I live in a basement. Stairs! Luckily my aunt, who owns the home we live in and lives upstairs, had an extra room upstairs that she's letting me live in. Sometimes I lie in bed. Sometimes I sit in a chair. Jonathan and Hattie still live downstairs. It stinks. I miss sharing a bed with Jonathan but I'm afraid to right now. I can't check on Hattie while she's sleeping anymore. I can't carry her. I can't pick her up off the floor. I can't meet her needs. I can't be alone with her. Boo!
Yesterday I was going crazy from sitting inside at home. I went to Costco with my Mom, Jonathan, and Hattie. I used my wheelchair. Little kids stared or smiled at me. Employees offered me extra samples. I'm a handicapped person! It's only for a couple of months. I'm so lucky.
Looking at pictures of my smushed car, I realize how lucky I truly am to be alive. To not be paralyzed. My sacrum is probably broken because of the seat belt, but I likely would have died without it. Many family-members, friends, and coworkers have sent flowers, games, books, movies, treats, dinners, cards. I feel very loved and taken care of. No matter how much I wish I could be the one to meet Hattie's needs, there are many people willing to do it for me. I'm so grateful for that. I have a friend who is an attorney helping me sort out insurance settlement stuff free of charge. So thankful! My aunt is a Licensed Nurse Practitioner who can reassure me that that lump in my thigh is not a blood clot. Blessings!
This has been scary, painful, frustrating, embarrassing, demoralizing, boring, annoying, and depressing but I am so grateful it's temporary. It's going to suck to see my muscles in my right leg deteriorate to nothing. It's hard to wonder if my baby is learning to love others more than me. It's frustrating to have to rely on Jonathan to bring me food, help me shower and dress, get this and that for me. I hope he doesn't hate me by the end of this.

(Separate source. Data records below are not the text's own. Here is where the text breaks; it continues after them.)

Lemma exec_definable_of_bound c N : (com_loc_bound c <= N)%nat -> exec_definable N c.
Proof.
  induction c; cbn [com_loc_bound]; intro Hc.
  - apply exec_definable_skip.
  - apply exec_definable_assign; lia.
  - apply exec_definable_seq; [lia | apply IHc1 | apply IHc2]; lia.
  - apply exec_definable_if; [lia | apply IHc1 | apply IHc2]; lia.
  - apply exec_definable_while; [lia | lia | apply IHc]; lia.
  - apply exec_definable_par; [lia | lia | apply IHc1 | apply IHc2]; lia.
Qed.

(** * From arithmetic formulas to assertions *)

Local Open Scope nat_scope.

Fixpoint aexp_var_bound (a : aexp) : nat :=
  match a with
  | ANum _ | ALoc _ => 0
  | AVar i => S i
  | APlus a b | AMinus a b | AMult a b => Nat.max (aexp_var_bound a) (aexp_var_bound b)
  end.

Fixpoint assn_var_bound (A : assn) : nat :=
  match A with
  | ATrue | AFalse => 0
  | AEq a b | ALe a b => Nat.max (aexp_var_bound a) (aexp_var_bound b)
  | ANot A => assn_var_bound A
  | AAnd A C | AOr A C | AImp A C => Nat.max (assn_var_bound A) (assn_var_bound C)
  | AForall i A | AExists i A => Nat.max (S i) (assn_var_bound A)
  end.

Lemma aeval_agree a M I J s :
  aexp_var_bound a <= M -> (forall i, i < M -> I i = J i) -> aeval I s a = aeval J s a.
Proof.
  intros Ha H; induction a; cbn [aexp_var_bound aeval] in *;
    rewrite ?IHa1, ?IHa2 by lia; auto with arith.
Qed.

Lemma sat_agree A : forall M I J s,
  assn_var_bound A <= M -> (forall i, i < M -> I i = J i) -> (sat I s A <-> sat J s A).
Proof.
  induction A; intros M I J s HA H; cbn [assn_var_bound sat] in *;
    rewrite ?(aeval_agree a M I J s), ?(aeval_agree a0 M I J s) by (auto; lia);
    try rewrite (IHA M I J s); try rewrite (IHA1 M I J s), (IHA2 M I J s); try tauto; try lia.
  all: assert (K : forall n, sat (upd_interp I i n) s A <-> sat (upd_interp J i n) s A)
         by (intro n; apply (IHA M); [lia | intros j Hj; unfold upd_interp; destruct (j =? i); auto]).
  all: setoid_rewrite K; reflexivity.
Qed.

Fixpoint tm_to_aexp (rho : nat -> aexp) (t : tm) : aexp :=
  match t with
  | TVar n => rho n
  | TNum z => ANum z
  | TAdd a b => APlus (tm_to_aexp rho a) (tm_to_aexp rho b)
  | TSub a b => AMinus (tm_to_aexp rho a) (tm_to_aexp rho b)
  | TMul a b => AMult (tm_to_aexp rho a) (tm_to_aexp rho b)
  end.

(* [nx] is the first integer variable free for binding; [rho] must not mention it. *)
Fixpoint fm_to_assn (rho : nat -> aexp) (nx : Intvar) (f : fm) : assn :=
  match f with
  | FEq a b => AEq (tm_to_aexp rho a) (tm_to_aexp rho b)
  | FLe a b => ALe (tm_to_aexp rho a) (tm_to_aexp rho b)
  | FNot f => ANot (fm_to_assn rho nx f)
  | FAnd f g => AAnd (fm_to_assn rho nx f) (fm_to_assn rho nx g)
  | FOr f g => AOr (fm_to_assn rho nx f) (fm_to_assn rho nx g)
  | FImp f g => AImp (fm_to_assn rho nx f) (fm_to_assn rho nx g)
  | FEx f => AExists nx (fm_to_assn (scons (AVar nx) rho) (S nx) f)
  | FAll f => AForall nx (fm_to_assn (scons (AVar nx) rho) (S nx) f)
  end.

Lemma aeval_tm_to_aexp rho t I s :
  aeval I s (tm_to_aexp rho t) = teval (fun j => aeval I s (rho j)) t.
Proof. induction t; simpl; congruence. Qed.

Lemma env_upd_fresh rho nx I s z :
  (forall j, aexp_var_bound (rho j) <= nx) ->
  (fun j => aeval (upd_interp I nx z) s (scons (AVar nx) rho j)) = scons z (fun j => aeval I s (rho j)).
Proof.
  intro Hrho; apply functional_extensionality; intros [|j]; simpl.
  - unfold upd_interp; now rewrite Nat.eqb_refl.
  - apply (aeval_agree _ nx); auto. intros i Hi; unfold upd_interp.
    destruct (Nat.eqb_spec i nx); [lia | reflexivity].
Qed.

Lemma sat_fm_to_assn f : forall rho nx I s,
  (forall j, aexp_var_bound (rho j) <= nx) ->
  (sat I s (fm_to_assn rho nx f) <-> fsat (fun j => aeval I s (rho j)) f).
Proof.
  induction f; intros rho nx I s Hrho; simpl; rewrite ?aeval_tm_to_aexp;
    try rewrite (IHf rho nx); try rewrite (IHf1 rho nx), (IHf2 rho nx); try tauto.
  all: assert (Hup : forall j, aexp_var_bound (scons (AVar nx) rho j) <= S nx)
         by (intros [|j]; simpl; [lia | specialize (Hrho j); lia]).
  all: setoid_rewrite (IHf _ _ _ _ Hup); setoid_rewrite (env_upd_fresh rho nx I s _ Hrho).
  all: reflexivity.
Qed.

Fixpoint aexp_subst_loc (sg : Loc -> aexp) (a : aexp) : aexp :=
  match a with
  | ANum n => ANum n
  | ALoc X => sg X
  | AVar i => AVar i
  | APlus a b => APlus (aexp_subst_loc sg a) (aexp_subst_loc sg b)
  | AMinus a b => AMinus (aexp_subst_loc sg a) (aexp_subst_loc sg b)
  | AMult a b => AMult (aexp_subst_loc sg a) (aexp_subst_loc sg b)
  end.

Fixpoint assn_subst_loc (sg : Loc -> aexp) (A : assn) : assn :=
  match A with
  | ATrue => ATrue
  | AFalse => AFalse
  | AEq a b => AEq (aexp_subst_loc sg a) (aexp_subst_loc sg b)
  | ALe a b => ALe (aexp_subst_loc sg a) (aexp_subst_loc sg b)
  | ANot A => ANot (assn_subst_loc sg A)
  | AAnd A C => AAnd (assn_subst_loc sg A) (assn_subst_loc sg C)
  | AOr A C => AOr (assn_subst_loc sg A) (assn_subst_loc sg C)
  | AImp A C => AImp (assn_subst_loc sg A) (assn_subst_loc sg C)
  | AForall i A => AForall i (assn_subst_loc sg A)
  | AExists i A => AExists i (assn_subst_loc sg A)
  end.

Lemma aeval_subst_loc a sg I s :
  aeval I s (aexp_subst_loc sg a) = aeval I (fun X => aeval I s (sg X)) a.
Proof. induction a; simpl; congruence. Qed.

Lemma sat_subst_loc A : forall M sg I s,
  assn_var_bound A <= M ->
  (forall X I J, (forall i, M <= i -> I i = J i) -> aeval I s (sg X) = aeval J s (sg X)) ->
  (sat I s (assn_subst_loc sg A) <-> sat I (fun X => aeval I s (sg X)) A).
Proof.
  induction A; intros M sg I s HA Hsg; cbn [assn_var_bound assn_subst_loc sat] in *;
    rewrite ?aeval_subst_loc; try rewrite (IHA M); try rewrite (IHA1 M), (IHA2 M);
    try tauto; try lia.
  all: assert (K : forall n, (fun X => aeval (upd_interp I i n) s (sg X)) = (fun X => aeval I s (sg X)))
         by (intro n; apply functional_extensionality; intro X; apply Hsg; intros j Hj;
             unfold upd_interp; destruct (Nat.eqb_spec j i); [lia | reflexivity]).
  all: setoid_rewrite (IHA M); auto; try lia; setoid_rewrite K; reflexivity.
Qed.

Fixpoint forall_block (M N : nat) (A : assn) : assn :=
  match N with O => A | S n => forall_block M n (AForall (M + n) A) end.

Definition upd_block (I : interp) (M N : nat) (v : nat -> Z) : interp :=
  fun i => if andb (M <=? i) (i <? M + N) then v (i - M) else I i.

It will end. I will heal. It will stop hurting. I can gain muscle back. I won't miss the whole summer. I have a lot of support. I can do this! (Maybe if I say that enough it will be true.)
Everyone, PLEASE, watch where you're going on the road! You're driving a 4000 lb machine at high speeds. Watch where you are going!
Sadly, no matter how much you watch where you're going, you are still taking a risk by driving. People forget every day that they are driving 4000 lb machines. And they text. Gr!